Psychology and behavorial sciences - Theme
- 16201 keer gelezen
In het jaar 2000 pleiten Seligman en Csikszentmihalyi voor een verandering in de psychologie. Volgens hen zou onderzoek zich meer moeten richten op wanneer men optimaal functioneren in plaats van op disfunctioneren. Dit was de start van de positieve psychologie. Sindsdien zijn er meer dan 18.000 wetenschappelijke artikelen geschreven en wordt positieve psychologie toegepast in het kader van werk, sport, onderwijs en in de gezondheidszorg.
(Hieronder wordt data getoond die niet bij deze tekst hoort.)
(* Let $a>0$, $\rho>0$ and let $(k_j)_{j\ge 1}$ be a sequence of positive reals. Let $X_1,X_2,\dots$ be random variables such that each $X_j$ has the $\mathrm{GWD}(a,k_j;\rho)$ distribution and, for each $n\ge 1$, the vector $(X_1,\dots,X_n)$ has the $\mathrm{MGWD}(a;k_1,\dots,k_n;\rho)$ distribution. Put $S=\sum_{j=1}^\infty X_j$. If $m=\sum_{j=1}^\infty k_j<\infty$, then $S<\infty$ with probability $1$ and $S$ has the $\mathrm{GWD}(a,m;\rho)$ distribution. If $\sum_{j=1}^\infty k_j=\infty$, then $S=\infty$ with probability $1$.
   Context: For $x>0$ and $\beta\ge 0$ write $x_{(\beta)}=\Gamma(x+\beta)/\Gamma(x)$. For $a,k,\rho>0$ the generalized Waring distribution $\mathrm{GWD}(a,k;\rho)$ is the probability law on $\{0,1,2,\dots\}$ given by $P(X=n)=\frac{\rho_{(k)}}{(\rho+a)_{(k)}}\,\frac{a_{(n)}\,k_{(n)}}{(\rho+a+k)_{(n)}}\,\frac{1}{n!}$, $n=0,1,2,\dots$. For $a,\rho>0$ and $k_1,\dots,k_s>0$, the multivariate generalized Waring distribution $\mathrm{MGWD}(a;k_1,\dots,k_s;\rho)$ is the law of a random vector $(X_1,\dots,X_s)$ on $\{0,1,2,\dots\}^s$ with $P(X_i=x_i,\ i=1,\dots,s)=\frac{\rho_{(\sum_i k_i)}\,a_{(\sum_i x_i)}}{(\rho+a)_{(\sum_i k_i+\sum_i x_i)}}\prod_{i=1}^s\frac{(k_i)_{(x_i)}}{x_i!}$. *)

From Stdlib Require Import Reals Factorial ClassicalEpsilon.
Open Scope R_scope.

Fixpoint sumR (f : nat -> R) (n : nat) : R :=
  match n with O => 0 | S n' => sumR f n' + f n' end.
Fixpoint prodR (f : nat -> R) (n : nat) : R :=
  match n with O => 1 | S n' => prodR f n' * f n' end.
Fixpoint sumN (f : nat -> nat) (n : nat) : nat :=
  match n with O => O | S n' => (sumN f n' + f n')%nat end.

(* Euler's Gamma function on x > 0, via Gauss' limit formula
   Gamma x = lim_n n! n^x / (x (x+1) ... (x+n)). *)
Definition gauss_seq (x : R) (n : nat) : R :=
  INR (fact n) * Rpower (INR n) x / prodR (fun i => x + INR i) (S n).
Definition Gamma (x : R) : R :=
  epsilon (inhabits 0) (fun l => Un_cv (gauss_seq x) l).

Definition rising (x beta : R) : R := Gamma (x + beta) / Gamma x.

Definition GWD_pmf (a k rho : R) (n : nat) : R :=
  rising rho k / rising (rho + a) k
  * (rising a (INR n) * rising k (INR n) / rising (rho + a + k) (INR n))
  / INR (fact n).

Definition MGWD_pmf (a : R) (k : nat -> R) (s : nat) (rho : R) (x : nat -> nat) : R :=
  let K := sumR k s in
  let Xs := INR (sumN x s) in
  rising rho K * rising a Xs / rising (rho + a) (K + Xs)
  * prodR (fun i => rising (k i) (INR (x i)) / INR (fact (x i))) s.

(* A probability space: sigma-algebra F of events on Omega and a
   countably additive probability P (defined on all predicates,
   meaningful on events). *)
Definition is_prob_space (Omega : Type) (F : (Omega -> Prop) -> Prop)
    (P : (Omega -> Prop) -> R) : Prop :=
  F (fun _ => True)
  /\ (forall A, F A -> F (fun w => ~ A w))
  /\ (forall A : nat -> Omega -> Prop, (forall n, F (A n)) ->
        F (fun w => exists n, A n w))
  /\ (forall A, F A -> 0 <= P A)
  /\ P (fun _ => True) = 1
  /\ (forall A : nat -> Omega -> Prop, (forall n, F (A n)) ->
        (forall i j w, i <> j -> A i w -> A j w -> False) ->
        infinite_sum (fun n => P (A n)) (P (fun w => exists n, A n w))).

Definition partial_sum {Omega : Type} (X : nat -> Omega -> nat) (w : Omega) (n : nat) : nat :=
  sumN (fun j => X j w) n.
(* Let $m=2^k$ with $k\ge 2$, $\omega=e^{2\pi i/m}$, $F_m=\frac{1}{\sqrt m}(\omega^{jk})_{j,k=0}^{m-1}$, and $\alpha\in\mathbb{C}$. For $j\ge 0$ let $B_j=\frac{1}{\sqrt{1+|\alpha|^{2j}}}\begin{pmatrix}1&\alpha^j\\ \overline{\alpha}^j&-1\end{pmatrix}$. Let $J$ be the $m\times m$ permutation matrix with $J\ket{i}=\ket{2i}$ and $J\ket{m-1-i}=\ket{2i+1}$ for $0\le i<m/2$ (basis $\ket{0},\dots,\ket{m-1}$). Define $A=J^\dagger\left(B_{m/4}\otimes B_{m/8}\otimes\cdots\otimes B_2\otimes B_1\otimes B_0\right)JF_m^\dagger$. Let $\ket{\Psi}=\frac{1}{\sqrt\kappa}(1,\alpha,\alpha^2,\dots,\alpha^{m/2-1},\alpha^{m/2-1},\dots,\alpha,1)^T\in\mathbb{C}^m$ with $\kappa=2m(1+|\alpha|^2+|\alpha|^4+\cdots+|\alpha|^{m-2})$, and write $\ket{\Psi}=(v_1,\dots,v_m)^T$. Then $A$ is unitary and its first row equals $(\sqrt m\,v_1,\dots,\sqrt m\,v_m)F_m^\dagger$.
   Context: The Kronecker product $B_{m/4}\otimes\cdots\otimes B_1\otimes B_0$ has $k$ factors $B_{2^{k-2}},\dots,B_2,B_1,B_0$, the leftmost factor acting on the most significant binary digit of the index $0,\dots,m-1$. *)

From HB Require Import structures.
From mathcomp Require Import all_boot all_order all_algebra.
From mathcomp Require Import complex sesquilinear spectral.
From mathcomp Require Import reals trigo.
Set Implicit Arguments. Unset Strict Implicit. Unset Printing Implicit Defensive.
Import Order.TTheory GRing.Theory Num.Theory.
Local Open Scope ring_scope.
Local Open Scope complex_scope.
Local Open Scope sesquilinear_scope.

Section Defs.
Variable R : realType.
Local Notation C := R[i].

Definition adjmx (m n : nat) (A : 'M[C]_(m, n)) : 'M[C]_(n, m) :=
  A ^t*.

Definition omega (m : nat) : C :=
  (cos (2 * pi / m%:R))%:C + 'i * (sin (2 * pi / m%:R))%:C.

Definition Fmx (m : nat) : 'M[C]_m :=
  \matrix_(j < m, l < m) ((sqrtC (m%:R))^-1 * omega m ^+ (j * l)%N).

Definition Bmx (alpha : C) (j : nat) : 'M[C]_2 :=
  (sqrtC (1 + `|alpha| ^+ (2 * j)%N))^-1 *:
  \matrix_(r < 2, c < 2)
     (if (r == 0 :> nat) then (if (c == 0 :> nat) then 1 else alpha ^+ j)
      else (if (c == 0 :> nat) then (Num.conj alpha) ^+ j else -1)).

Definition bit (t i : nat) : 'I_2 := inord (odd (i %/ 2 ^ t)%N).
Positieve psychologie is een wetenschap die onderzoek doet naar welbevinden en optimaal functioneren. Maar wat is nu eigenlijk welbevinden? Ook de World Health Organizaton (WHO) beschrijft gezondheid op positieve wijze: ‘een staat van welzijn waarin een individu zijn eigen mogelijkheden realiseert, kan omgaan met de normale stress van het leven, productief kan zijn en een bijdrage kan leveren aan zijn gemeenschap’. Daarbij maken zij onderscheid tussen: emotioneel welbevinden, psychologisch welbevinden en sociaal welbevinden.
Emotioneel welbevinden bevat volgens Diener: aanwezigheid van positieve gevoelens, afwezigheid van negatieve gevoelens en tevredenheid over het eigen leven. Socioloog Veenhoven heeft met zijn bibliografie ‘World Database of Happiness’ een grote rol gespeeld in onderzoek naar geluk. Hij haalt hierin bijvoorbeeld aan dat landen waar er meer respect is voor de rechten van de mens, er een meer individualistische cultuur heerst en er een grote bruto nationaal product, meer emotioneel welbevinden ervaren. Ook huwelijk, opleiding, werk en lichamelijke gezondheid hangen met het begrip samen. Maar ook individuele verschillen zijn van belang. Neuroticisme blijkt bijvoorbeeld sterk negatief samen te hangen met tevredenheid over het leven, in tegenstelling tot extraversie. Diener en Chan concludeerden in hun studie dat mensen met een hoger emotioneel welbevinden ook daadwerkelijk langer leven. Ander onderzoek vond dat emotioneel welbevinden het herstel van mensen met een lichamelijke aandoening positief beïnvloedde. Daarentegen is er ook kritiek op het onderzoek naar emotioneel welbevinden; geluk en tevredenheid geven namelijk niet veel informatie over hoe iemand zich uiteindelijk ontwikkelt.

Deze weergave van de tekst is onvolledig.